A weight rolled off Clement's heart. For a moment he had feared that the man knew something; but now he began to suspect Grimbal's question to be what in reality it was--casual interrogation, without any shadow of knowledge behind it. Hicks therefore breathed again and trusted that his own emotion had not been very apparent. Then, taking the water, he shot a thin shower into the air, an operation often employed to hasten swarming, and possibly calculated to alarm the bees into apprehension of rain.
"Do wasps ever get into the hives?" asked Mr. Grimbal abruptly.
"Aye, they do; and wax-moths and ants, and even mice. These things eat the honey and riddle and ruin the comb. Then birds eat the bees, and spiders catch them. Honey-bees do nothing but good that I can see, yet Nature 's pleased to fill the world with their enemies.
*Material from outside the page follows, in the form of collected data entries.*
Lemma sqnorm_mul_le_onorm A v : sqnorm (A *m v) <= onorm A ^+ 2 * sqnorm v.
Proof.
have [v0|v_neq0] := eqVneq v 0.
  by rewrite v0 mulmx0 /sqnorm big1 ?mulr0 // => i _; rewrite mxE expr0n.
have [w w1 [c wE]] := normalize v_neq0; subst w.
have /enorm1_sqnorm := w1; rewrite sqnormZ => cv1.
have : enorm (A *m (c *: v)) ^+ 2 <= onorm A ^+ 2.
  by apply: lerXn2r; rewrite ?nnegrE ?sqrtr_ge0 ?onorm_ge0 ?enorm_le_onorm.
rewrite sqr_enorm -scalemxAr sqnormZ => le_sAv.
by rewrite -[sqnorm (A *m v)]mul1r -cv1 mulrAC (ler_wpM2r (sqnorm_ge0 v)).
Qed.

Lemma bform_le_onorm A v : enorm v = 1 -> bform A v v <= onorm A.
Proof.
by move=> v1; rewrite bform_mulr; apply: le_trans (dot_unit_le _ v1) (enorm_le_onorm A v1).
Qed.

(* An invertible positive semidefinite symmetric matrix is bounded below
   on the unit sphere: 1 = <v, P (P^-1 v)>^2 <= (v^T P v) (v^T P^-1 v). *)
Lemma psd_unit_gap P : P^T = P -> (forall v, 0 <= bform P v v) ->
  P \in unitmx -> exists2 c : R, 0 < c & forall v, enorm v = 1 -> c <= bform P v v.
Proof.
move=> symP psdP unitP; pose k := Num.sqrt (frob (invmx P)).
have key v : enorm v = 1 -> 1 <= bform P v v * k.
  move=> v1; pose y := invmx P *m v.
  have Py : P *m y = v by rewrite /y mulmxA mulmxV // mul1mx.
  have vPy : bform P v y = 1.
    by rewrite bform_mulr Py bform1_sqnorm (enorm1_sqnorm v1).
  have yPy : bform P y y <= k.
    rewrite bform_mulr Py bformC ?trmx1 //; apply: le_trans (dot_unit_le y v1) _.
    apply: ler_wsqrtr.
    by have := sqnorm_mul_le_frob (invmx P) v; rewrite (enorm1_sqnorm v1) mulr1.
  have := bform_CauchySchwarz v y symP psdP; rewrite vPy expr1n.
  by move=> /le_trans; apply; apply: ler_wpM2l.
have k_gt0 : 0 < k.
  rewrite lt_def sqrtr_ge0 andbT; apply/eqP => k0.
  by have [v /key] := exists_unit_vector; rewrite k0 mulr0 ler10.
exists k^-1; first by rewrite invr_gt0.
by move=> v /key le1; rewrite -(ler_pM2r k_gt0) mulVf ?gt_eqF.
Qed.

(* For symmetric A the matrix ||A||^2 - A^2 is singular: it is positive
   semidefinite, and a uniform gap would contradict the definition of the sup. *)
Lemma onorm_sqr_singular A : A^T = A ->
  (onorm A ^+ 2 *: 1%:M - A *m A) \notin unitmx.
Proof.
move=> symA; set s := onorm A; set P := _ - _.
have symP : P^T = P by rewrite /P linearB /= linearZ /= trmx1 trmx_mul symA.
have qP v : bform P v v = s ^+ 2 * sqnorm v - sqnorm (A *m v).
  by rewrite /P bformB bformZ bform_sqr // bform1_sqnorm.
have psdP v : 0 <= bform P v v.
  by rewrite qP subr_ge0; exact: sqnorm_mul_le_onorm.
apply/negP => /(psd_unit_gap symP psdP) [c c_gt0 gap].
have le_Av v : enorm v = 1 -> sqnorm (A *m v) <= s ^+ 2 - c.
  by move=> v1; have := gap v v1; rewrite qP (enorm1_sqnorm v1) mulr1; lra.
have [v v1] := exists_unit_vector.
have t_ge0 : 0 <= s ^+ 2 - c := le_trans (sqnorm_ge0 _) (le_Av v v1).
have : s <= Num.sqrt (s ^+ 2 - c).
  apply: ge_sup; first exact: normset_neq0.
  by move=> _ [w /= w1 <-]; apply: ler_wsqrtr; exact: le_Av.
move=> le_s; have : s ^+ 2 <= s ^+ 2 - c.
  by rewrite -[X in _ <= X](sqr_sqrtr t_ge0) lerXn2r ?nnegrE ?onorm_ge0 ?sqrtr_ge0.
lra.
Qed.

Lemma symmetric_extreme_eigenvector A : A^T = A -> exists2 u : 'cV[R]_m,
  enorm u = 1 & A *m u = onorm A *: u \/ A *m u = - onorm A *: u.
Proof.
move=> symA; set s := onorm A.
have := onorm_sqr_singular symA; rewrite -/s.
have -> : s ^+ 2 *: 1%:M - A *m A = (s *: 1%:M - A) *m (s *: 1%:M + A).
  rewrite mulmxDr !mulmxBl -!scalemxAl -!scalemxAr !mul1mx !mulmx1 scalerA -expr2.
  by rewrite addrA subrK.
rewrite unitmx_mul negb_and => /orP [/nonunit_eigenvector [u u1 Au]|sing_plus].
  by exists u => //; left.
have : (- s) *: 1%:M - A \notin unitmx.
  rewrite (_ : _ - A = -1 *: (s *: 1%:M + A)) ?unitmxZ ?unitrN1 //.
  by rewrite scaleN1r opprD scaleNr.
by move=> /nonunit_eigenvector [u u1 Au]; exists u => //; right.
Qed.

Lemma max_bform_onorm A : A^T = A ->
  (forall u, A *m u = - onorm A *: u ->
     exists2 u' : 'cV[R]_m, A *m u' = onorm A *: u' & sqnorm u' = sqnorm u) ->
  (exists v, enorm v = 1 /\ bform A v v = onorm A) /\
  (forall v, enorm v = 1 -> bform A v v <= onorm A).
Proof.
move=> symA flip; split; last exact: bform_le_onorm.
have [u u1 Au] : exists2 u : 'cV[R]_m, enorm u = 1 & A *m u = onorm A *: u.
  have [u u1 [Au|/flip [u' Au' u'u]]] := symmetric_extreme_eigenvector symA.
    by exists u.
  by exists u' => //; apply: sqnorm1_enorm; rewrite u'u enorm1_sqnorm.
exists u; split => //.
by rewrite bform_mulr Au bformZr bform1_sqnorm (enorm1_sqnorm u1) mulr1.
Qed.

End OperatorNorm.

Lemma binary_expansion n x : (x < 2 ^ n)%N ->
  x = (\sum_(i < n) odd (x %/ 2 ^ i) * 2 ^ i)%N.
Proof.
elim: n x => [|n IH] x x_lt; first by rewrite big_ord0; move: x_lt; rewrite expn0; case: x.
rewrite big_ord_recl /= expn0 divn1 muln1.
have half_lt : (x %/ 2 < 2 ^ n)%N by rewrite ltn_divLR // -expnSr.
rewrite {1}[x](esym (odd_double_half x)); congr (_ + _)%N.
rewrite -divn2 [X in X.*2](IH _ half_lt) -mul2n big_distrr /=; apply: eq_bigr => i _.
by rewrite /bump /= add1n expnS divnMA divn2 mulnCA.
Qed.

Definition bits n (x : 'I_(2 ^ n)) : {ffun 'I_n -> bool} := [ffun i => bit x i].

Lemma bits_inj n : injective (@bits n).
Proof.
move=> x y /ffunP same; apply: val_inj.
rewrite /= (binary_expansion (ltn_ord x)) (binary_expansion (ltn_ord y)).
by apply: eq_bigr => i _; have := same i; rewrite !ffunE /bit => ->.
Qed.

Lemma bits_bij n : bijective (@bits n).
Proof.
apply: inj_card_bij; first exact: bits_inj.
by rewrite card_ffun card_bool !card_ord.
Qed.

Lemma sum_bits (V : nmodType) n (F : {ffun 'I_n -> bool} -> V) :
  \sum_(z : 'I_(2 ^ n)) F (bits z) = \sum_b F b.
Proof. by rewrite (reindex (@bits n)) //; apply: onW_bij; exact: bits_bij. Qed.

Lemma bits_neq n (x y : 'I_(2 ^ n)) : x != y -> exists k, bit x k != bit y k.
Proof.
move=> x_neq_y; have [k xyk|same] := pickP (fun k => bit x k != bit y k).
  by exists k.
case/eqP: x_neq_y; apply: bits_inj; apply/ffunP => i; rewrite !ffunE.
by have := same i; move/negbFE/eqP.
Qed.

Lemma weight_parity n (x y : 'I_(2 ^ n)) :
  odd (hweight x + hweight y) = odd (hdist x y).
Proof.
have -> : (hweight x + hweight y = hdist x y + (\sum_i (bit x i && bit y i)).*2)%N.
  rewrite /hweight /hdist -addnn -!big_split /=; apply: eq_bigr => i _.
  by case: (bit x i); case: (bit y i).
by rewrite oddD odd_double addbF.
Qed.

Section Hadamard.
Variables (R : realType) (n : nat).
Local Notation N := (2 ^ n)%N.
Local Notation H := (hadamard R n).
Local Notation X := (weightmx R n).

(* The factor (-1)^(a_i c) of the character b |-> (-1)^<a,b> of the cube. *)
Definition sgnterm (a : 'I_n -> bool) (i : 'I_n) (c : bool) : R := (-1) ^+ (a i && c).

Lemma sum_character (a : 'I_n -> bool) :
  \sum_(b : {ffun 'I_n -> bool}) \prod_i sgnterm a i (b i) =
  \prod_i ((-1) ^+ a i + 1).
Proof.
rewrite -bigA_distr_bigA /=; apply: eq_bigr => i _.
by rewrite big_bool /sgnterm andbT andbF.
Qed.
Queen and drone and the poor unsexed workers--all have their troubles; and so has the little world of the hive. Yet during the few weeks of a bee's life he does an amount of work beyond imagination to guess at."
"And still finds time to steal from the hives of his fellows?"
"Why, yes, if the sweets are exposed and can be tasted for nothing. Most of us might turn robbers on the same terms. Now I can take them, and a splendid swarm, too--finest I've seen this year."
The business of getting the glittering bunch of bees into a hive was then proceeded with, and soon Clement had shaken the mass into a big straw butt, his performance being completely successful. In less than half an hour all was done, and Hicks began to remove his veil and shake a bee or two off the rim of his hat.
John Grimbal rubbed his cheek, where a bee had stung him under the eye, and regarded Hicks thoughtfully.
"If you happen to want work at any time, it might be within my power to find you some here," he said, handing the bee-master five shillings. Clement thanked his employer and declared he would not forget the offer; he then departed, and John Grimbal returned to his farm.